= John Newton Brown =

John Newton Brown (June 29, 1803 – May 14, 1868) was an influential Baptist teacher, minister and publisher in the 19th century.

He was born in New London, Connecticut, and attended Madison College (now known as Colgate University) where he graduated at the head of his class in 1823. Ordained the following year, he spent many years traveling New England, serving as minister in Buffalo, New York, Malden, Massachusetts, and Exeter, New Hampshire, as well as a teaching position at the Academical and Theological Institution of New Hampton, New Hampshire, before ill health forced him to travel south where he took up a ministry in Lexington, Virginia, in 1845.

In 1848 he became editorial secretary of the American Baptist Publication Society in Philadelphia, Pennsylvania, and was editor of its publications the Christian Chronicle and National Baptist.

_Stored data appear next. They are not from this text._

(* Let $(X,\tau)$ be a topological space, $\delta$ a quasi-proximity compatible with $\tau$ such that $\mathcal{V}_\delta$ is transitive, and $\mathcal{B}=\mathcal{B}(\mathcal{V}_\delta)$. Then there exists $\mathcal{V}\in\pi(\delta)\cap T(\tau)$ with $\mathcal{V}\neq\mathcal{V}_\delta$ if and only if at least one of the following holds: (1) there are sets $N_i\in\mathcal{B}$ ($i\in\mathbb{N}$) with $N_i\subsetneq N_{i+1}$ for all $i$ and $\bigcup_{i=1}^\infty N_i\in\mathcal{B}$; (2) there are sets $N_i\in\mathcal{B}$ ($i\in\mathbb{N}$) with $N_{i+1}\subsetneq N_i$ for all $i$ and $\bigcap_{i=1}^\infty N_i\in\mathcal{B}$.
   Context: Quasi-uniformities and quasi-proximities are in the sense of Fletcher–Lindgren; compatible means inducing the topology $\tau$. $T(\tau)$ is the set of compatible transitive quasi-uniformities on $(X,\tau)$ (transitive = having a base of transitive entourages). $\pi(\delta)$ is the set of quasi-uniformities inducing $\delta$, and $\mathcal{V}_\delta$ its coarsest (totally bounded) element. For $N\subseteq X$, $U_N=(N\times N)\cup((X\setminus N)\times X)$ and $\mathcal{B}(\mathcal{V}_\delta)=\{N\in\tau:U_N\in\mathcal{V}_\delta\}$, which is an l-base: a base of $\tau$ closed under finite unions and intersections containing $\emptyset,X$. *)

From Stdlib Require Import Classical.

Set Implicit Arguments.

Section Defs.
Variable X : Type.

Definition set := X -> Prop.
Definition rel := X -> X -> Prop.

Definition subset (A B : set) : Prop := forall x, A x -> B x.
Definition setU (A B : set) : set := fun x => A x \/ B x.
Definition setC (A : set) : set := fun x => ~ A x.
Definition set0 : set := fun _ => False.
Definition setT : set := fun _ => True.
Definition single (x : X) : set := fun y => y = x.

Definition is_topology (tau : set -> Prop) : Prop :=
  tau set0 /\ tau setT /\
  (forall A B, tau A -> tau B -> tau (fun x => A x /\ B x)) /\
  (forall F : set -> Prop, (forall A, F A -> tau A) ->
     tau (fun x => exists A, F A /\ A x)).

Definition is_quasi_uniformity (U : rel -> Prop) : Prop :=
  U (fun _ _ => True) /\
  (forall R S, U R -> (forall x y, R x y -> S x y) -> U S) /\
  (forall R S, U R -> U S -> U (fun x y => R x y /\ S x y)) /\
  (forall R, U R -> forall x, R x x) /\
  (forall R, U R -> exists S, U S /\
      (forall x y z, S x y -> S y z -> R x z)).

Definition qu_topology (U : rel -> Prop) : set -> Prop :=
  fun G => forall x, G x -> exists R, U R /\ (forall y, R x y -> G y).

Definition transitive_rel (R : rel) : Prop :=
  forall x y z, R x y -> R y z -> R x z.

Definition qu_transitive (U : rel -> Prop) : Prop :=
  forall R, U R -> exists S, U S /\ transitive_rel S /\
     (forall x y, S x y -> R x y).

Definition in_T (tau : set -> Prop) (U : rel -> Prop) : Prop :=
  is_quasi_uniformity U /\ qu_transitive U /\
  (forall G, qu_topology U G <-> tau G).

(* Fletcher-Lindgren quasi-proximity *)
Definition is_quasi_proximity (d : set -> set -> Prop) : Prop :=
  (forall A B C, d A (setU B C) <-> (d A B \/ d A C)) /\
  (forall A B C, d (setU A B) C <-> (d A C \/ d B C)) /\
  (forall A, ~ d A set0) /\ (forall A, ~ d set0 A) /\
  (forall x, d (single x) (single x)) /\
  (forall A B, ~ d A B -> exists C, ~ d A C /\ ~ d (setC C) B).

Definition qp_compatible (tau : set -> Prop) (d : set -> set -> Prop) : Prop :=
  forall G, tau G <-> (forall x, G x -> ~ d (single x) (setC G)).

Definition qu_proximity (U : rel -> Prop) : set -> set -> Prop :=
  fun A B => forall R, U R -> exists x y, A x /\ B y /\ R x y.

Definition in_pi (d : set -> set -> Prop) (U : rel -> Prop) : Prop :=
  is_quasi_uniformity U /\ (forall A B, qu_proximity U A B <-> d A B).

Definition coarsest_in_pi (d : set -> set -> Prop) (V : rel -> Prop) : Prop :=
  in_pi d V /\ (forall U, in_pi d U -> forall R, V R -> U R).

Definition U_N (N : set) : rel := fun x y => (N x /\ N y) \/ ~ N x.

(* B(V) = {N in tau : U_N in V} *)
Definition lbase (tau : set -> Prop) (V : rel -> Prop) (N : set) : Prop :=
  tau N /\ V (U_N N).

It was under his tenure that a number of influential works of the day were published under his direction.

Brown was one of the authors of the New Hampshire Confession of Faith in 1833, which was a more moderate expression of the more Calvinistic Baptist beliefs that existed at the time, and was widely accepted in the northern United States. His name has become the one most associated with this work.

Brown also authored a book of poetry, "Emily and Other Poems," (1840) which was dedicated to a sister who had died young.

Brown died on May 14, 1868, in the Philadelphia neighborhood of Germantown.